*Instructions to follow*: Find the lines of the listing that contain the string "Import", and return them.
*** Dataset extract
(* Let $k\geq 3$ be an integer and let $H$ be a $k$-vertex graph which is not the $k$-clique. Then any deterministic distributed dynamic data structure for $H$ membership listing that handles edge insertions and deletions requires $\Omega\left(\frac{n}{\log n}\right)$ amortized rounds.
   Context: Highly dynamic network model: a synchronous network on a fixed set $V$ of $n$ nodes with unique identifiers starts as the empty graph; at the beginning of round $i$ the graph is $G_i=(V,E_i)$, obtained from the previous graph by an adversary inserting and/or deleting an arbitrary (unbounded) set of edges. At the start of each round every node is notified only of the insertions/deletions of edges incident to it; then each node may send a message of $O(\log n)$ bits to each of its current neighbors. A distributed dynamic data structure consists of a local part $DS_v$ at each node $v$; at the end of every round, $DS_v$ may be queried and must answer immediately, without any further communication, either with a correct answer to the query or with $\texttt{inconsistent}$. The amortized round complexity is at most $c$ if for every round $i$, the number of rounds up to round $i$ in which at least one node $v$ has $DS_v$ in an inconsistent state, divided by the total number of topology changes that occurred up to round $i$, is at most $c$. $H$ membership listing: $DS_v$ at each node $v$ must respond at the end of round $i$ to a query consisting of a copy of $H$ on a $k$-element node set containing $v$ with $\texttt{true}$ if this copy of $H$ is present in $G_i$, $\texttt{false}$ if it is not, or $\texttt{inconsistent}$. *)

From mathcomp Require Import all_boot all_order all_algebra.
Set Implicit Arguments. Unset Strict Implicit. Unset Printing Implicit Defensive.
Import GRing.Theory Num.Theory.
******
*Task output*:
From mathcomp Require Import all_boot all_order all_algebra.
Import GRing.Theory Num.Theory.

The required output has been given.